Through comprehensive consultation, specific indicators and outcomes need to be identified to use for monitoring and evaluating progress. There are issues of resources and capacity to effectively carry out the actions that will be agreed upon, particularly in low- and middle-income countries. Broad representation and buy-in will be required from the start in order to ensure societal uptake. The work will not stop with the Summit, of course. At the end of the discussions, there must be a strong commitment, appropriately articulated, to continue the work with the full participation of member states.
Preparing for the Summit will offer opportunities for widespread engagement, and various non-governmental organizations are working together through a global alliance. In late December 2010, a UN modalities resolution was adopted that declared September 19-20, 2011 as the dates of the Summit. It included a call for all UN Member States to be represented by Heads of State but most importantly, it called for Member States to adopt a concise action-oriented outcome document at the end of the Summit. Three roundtable sessions are planned, which will focus on the rising incidence of NCDs, strengthening national capacities and fostering international cooperation and coordination.
Given Canada’s experience and resources, it must not only be a leader but must be seen to be a leader in this global effort. Canada made a significant contribution to the Framework Convention on Tobacco Control ( FCTC ), which was a success as the first international treaty on a matter of health, and which continues to reap benefits country by country by reducing the effects on health of tobacco use through international cooperation and action on tobacco control. Canadian strengths are in policy development, intersectoral collaboration and community engagement.

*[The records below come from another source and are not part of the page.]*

Lemma pochD x i j : poch x (i + j) = poch x i * poch (x + i%:R) j.
Proof.
elim: j => [|j IH]; first by rewrite addn0 poch0 mulr1.
by rewrite addnS !pochS IH natrD addrA mulrA.
Qed.

Lemma poch_split x l N : (l <= N)%N ->
  poch x N = poch x l * poch (x + l%:R) (N - l).
Proof. by move=> lelN; rewrite -pochD subnKC. Qed.

Lemma poch_neq0 x n : not_nonpos_int x -> poch x n != 0.
Proof. by move=> xP; apply/prodf_neq0 => i _; rewrite addr_eq0. Qed.

Lemma poch_neq0_prefix x l N : (l <= N)%N -> poch x N != 0 -> poch x l != 0.
Proof. by move=> /(poch_split x) ->; rewrite mulf_eq0 negb_or => /andP[]. Qed.

Lemma poch_neq0_suffix x l N : (l <= N)%N ->
  poch x N != 0 -> poch (x + l%:R) (N - l) != 0.
Proof. by move=> /(poch_split x) ->; rewrite mulf_eq0 negb_or => /andP[]. Qed.

Lemma natr_fact_neq0 n : (n`!%:R : R) != 0.
Proof. by rewrite pnatr_eq0 -lt0n fact_gt0. Qed.

Lemma poch_opp_nat_eq0 N j : (N < j)%N -> poch (- N%:R : R) j = 0.
Proof. by move=> ltNj; rewrite -(subnKC ltNj) pochD pochS addrC subrr mulr0 mul0r. Qed.

Lemma poch_opp x n : poch (- x) n = (-1) ^+ n * poch (x - n%:R + 1) n.
Proof.
elim: n => [|n IH]; first by rewrite !poch0 expr0 mulr1.
rewrite pochS IH -add1n pochD pochS poch0.
have -> : x - (1 + n)%:R + 1 + 1%:R = x - n%:R + 1 by rewrite natrD; ring.
rewrite exprS natrD; ring.
Qed.

Lemma poch_reflect x n : poch (1 - x - n%:R) n = (-1) ^+ n * poch x n.
Proof.
rewrite (_ : 1 - x - n%:R = - (x + n%:R - 1)) ?poch_opp; last by ring.
by congr (_ * poch _ _); ring.
Qed.

Lemma poch_natS_fact n l : poch (n.+1%:R : R) l * n`!%:R = (n + l)`!%:R.
Proof.
elim: l => [|l IH]; first by rewrite poch0 mul1r addn0.
by rewrite pochS mulrAC IH addnS factS natrM -natrD -addSn mulrC.
Qed.

Lemma poch_opp_nat N l : (l <= N)%N ->
  poch (- N%:R : R) l = (-1) ^+ l * 'C(N, l)%:R * l`!%:R.
Proof.
move=> lelN; rewrite poch_opp.
have -> : (N%:R : R) - l%:R + 1 = (N - l).+1%:R by rewrite -natrB // -addn1 natrD.
apply: (mulIf (natr_fact_neq0 (N - l))).
rewrite -[LHS]mulrA poch_natS_fact subnK // -(bin_fact lelN) !natrM; ring.
Qed.

Lemma poch_opp_nat_fact r s :
  poch (- (r + s)%:R : R) r = (-1) ^+ r * (r + s)`!%:R / s`!%:R.
Proof.
rewrite poch_opp (_ : _ - _ + 1 = s.+1%:R); last by rewrite natrD -addn1 natrD; ring.
by rewrite addnC -(poch_natS_fact s r) mulrA mulfK ?natr_fact_neq0.
Qed.

Lemma poch_opp_natD N r s : (r <= N)%N ->
  poch (- N%:R : R) (r + s) = poch (- N%:R) r * poch (- (N - r)%:R) s.
Proof. by move=> lerN; rewrite pochD natrB //; congr (_ * poch _ _); ring. Qed.

Lemma poch_double y j :
  poch y (j + j) = 4 ^+ j * poch (y / 2) j * poch (2^-1 + y / 2) j.
Proof.
have two_neq0 : (2 : R) != 0 by rewrite pnatr_eq0.
elim: j => [|j IH]; first by rewrite !poch0 expr0 !mulr1.
by rewrite addSn addnS !pochS IH exprS !mulrSr !natrD; field.
Qed.

Lemma poch_addr_binomial x y n :
  poch (x + y) n = \sum_(i < n.+1) 'C(n, i)%:R * poch x i * poch y (n - i).
Proof.
elim: n => [|n IH]; first by rewrite big_ord1 !poch0 bin0 mulr1 mul1r.
pose F i := 'C(n, i)%:R * poch x i * poch y (n.+1 - i).
have split_term (i : 'I_n.+1) :
    'C(n, i)%:R * poch x i * poch y (n - i) * (x + y + n%:R)
    = 'C(n, i)%:R * poch x i.+1 * poch y (n - i) + F i.
  have leiN : (i <= n)%N by rewrite -ltnS.
  by rewrite /F !pochS subSn // pochS natrB //; ring.
rewrite pochS IH big_distrl /= (eq_bigr _ (fun (i : 'I_n.+1) _ => split_term i)) big_split /=.
rewrite [RHS]big_ord_recl /= bin0 poch0 subn0.
under [in RHS]eq_bigr => i _ do rewrite binS natrD !mulrDl.
rewrite big_split /= addrA addrC; congr (_ + _).
transitivity (\sum_(i < n.+2) F i).
  by rewrite [RHS]big_ord_recr /= [F n.+1]/F bin_small // !mul0r addr0.
by rewrite big_ord_recl /F bin0 poch0 subn0 !mul1r.
Qed.

Lemma chu_vandermonde_poly N al g :
  \sum_(l < N.+1) poch (- N%:R : R) l * poch al l * poch (g + l%:R) (N - l) / l`!%:R
  = poch (g - al) N.
Proof.
have := poch_addr_binomial al (1 - g - N%:R) N.
rewrite (_ : al + _ = 1 - (g - al) - N%:R) ?poch_reflect; last by ring.
move=> binom; apply: (@mulfI _ ((-1) ^+ N)); first by rewrite signr_eq0.
rewrite binom big_distrr /=; apply: eq_bigr => -[l] /=; rewrite ltnS => lelN _.
rewrite (_ : 1 - g - N%:R = 1 - (g + l%:R) - (N - l)%:R); last by rewrite natrB //; ring.
rewrite poch_opp_nat // poch_reflect -{1}(subnKC lelN) exprD.
transitivity ((-1) ^+ l ^+ 2 * ('C(N, l)%:R * poch al l * ((-1) ^+ (N - l)
  * poch (g + l%:R) (N - l))) * (l`!%:R / l`!%:R)); first by ring.
by rewrite sqrr_sign divff ?natr_fact_neq0 // mulr1 mul1r.
Qed.

Lemma chu_vandermonde N al g : poch g N != 0 ->
  \sum_(l < N.+1) poch (- N%:R : R) l * poch al l / (l`!%:R * poch g l)
  = poch (g - al) N / poch g N.
Proof.
move=> gN; rewrite -chu_vandermonde_poly mulr_suml; apply: eq_bigr => -[l] /=.
rewrite ltnS => lelN _; rewrite (poch_split g lelN).
have := poch_neq0_prefix lelN gN; have := poch_neq0_suffix lelN gN.
by move=> gl' gl; field; rewrite gl gl' natr_fact_neq0.
Qed.

Lemma poch_reflect_split u N r : (r <= N)%N ->
  (-1) ^+ r * poch (1 - u - N%:R) r * poch u (N - r) = poch u N.
Proof.
move=> lerN; rewrite (_ : 1 - u - N%:R = 1 - (u + (N - r)%:R) - r%:R); last first.
  by rewrite natrB //; ring.
by rewrite poch_reflect mulrA -expr2 sqrr_sign mul1r mulrC -pochD subnK.
Qed.
(* Let $A$ be a bounded distributive lattice, $X$ its Priestley space, and $\kappa$ a regular cardinal. Then every existing join of fewer than $\kappa$ elements in $A$ is distributive if and only if for each $\kappa$-clopen upset $U$ of $X$ such that ${\sf cl_2}(U)$ is clopen, we have ${\sf cl_2}(U)={\sf cl}(U)$.
   Context: A join $\bigvee S$ is distributive if $a\wedge\bigvee S=\bigvee\{a\wedge s:s\in S\}$ for all $a$. The Priestley space $X$ of $A$ is the set of prime filters ordered by inclusion, with topology generated by $\{\mathfrak s(a)\setminus\mathfrak s(b)\}$, $\mathfrak s(a)=\{x:a\in x\}$; $\mathfrak s$ is an isomorphism of $A$ onto the lattice of clopen upsets. ${\sf cl}$ is topological closure and ${\sf cl_2}(S)={\uparrow}{\sf cl}(S)$ (closure in the topology of open downsets). A $\kappa$-clopen upset is a union of fewer than $\kappa$ clopen upsets. *)

From HB Require Import structures.
From mathcomp Require Import all_boot all_order.
From mathcomp Require Import boolp classical_sets cardinality.
Set Implicit Arguments. Unset Strict Implicit. Unset Printing Implicit Defensive.
Import Order.TTheory.
Local Open Scope classical_set_scope.

(* |S| < |K|  (K a type standing for the cardinal kappa = |K|) *)
Definition card_lt (T K : Type) (S : set T) : Prop :=
  (S #<= [set: K])%card /\ ~ ([set: K] #<= S)%card.

Definition regular_cardinal (K : Type) : Prop :=
  infinite_set [set: K] /\
  forall F : set (set K),
    card_lt K F -> (forall V, F V -> card_lt K V) ->
    \bigcup_(V in F) V <> [set: K].

Section Lattice.
Context {disp : Order.disp_t} {A : tbDistrLatticeType disp}.

Definition is_join (S : set A) (j : A) : Prop :=
  (forall s, S s -> (s <= j)%O) /\
  (forall u, (forall s, S s -> (s <= u)%O) -> (j <= u)%O).

Definition distributive_join (S : set A) (j : A) : Prop :=
  forall a : A, is_join [set (Order.meet a s) | s in S] (Order.meet a j).

Definition prime_filter (P : set A) : Prop :=
  [/\ P Order.top, ~ P Order.bottom,
      (forall a b, P a -> (a <= b)%O -> P b),
      (forall a b, P a -> P b -> P (Order.meet a b)) &
      (forall a b, P (Order.join a b) -> P a \/ P b)].

Definition priestley : Type := {P : set A | prime_filter P}.

Definition ple (x y : priestley) : Prop := proj1_sig x `<=` proj1_sig y.

Definition stone (a : A) : set priestley := [set x | proj1_sig x a].

Definition basic (l : seq (A * A)) : set priestley :=
  [set x | forall p, p \in l -> (stone p.1 `\` stone p.2) x].

(* topology generated by the subbasis { s(a) \ s(b) } *)
Definition popen (U : set priestley) : Prop :=
  forall x, U x -> exists l, basic l x /\ basic l `<=` U.

Definition pclosed (U : set priestley) : Prop := popen (~` U).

The challenges in stemming the epidemic of NCDs with all the lifestyle-related factors are enormous. As a wealthy nation with considerable experience in addressing prevention and control of the leading causes of death and disability, there will be a high expectation of assistance from Canada for countries with middle and low economies, even as Canada is challenged to stem this epidemic within its own borders. Success will be achieved through trust, mutual respect and collaboration. The Summit will be a historic event. More importantly, it must succeed.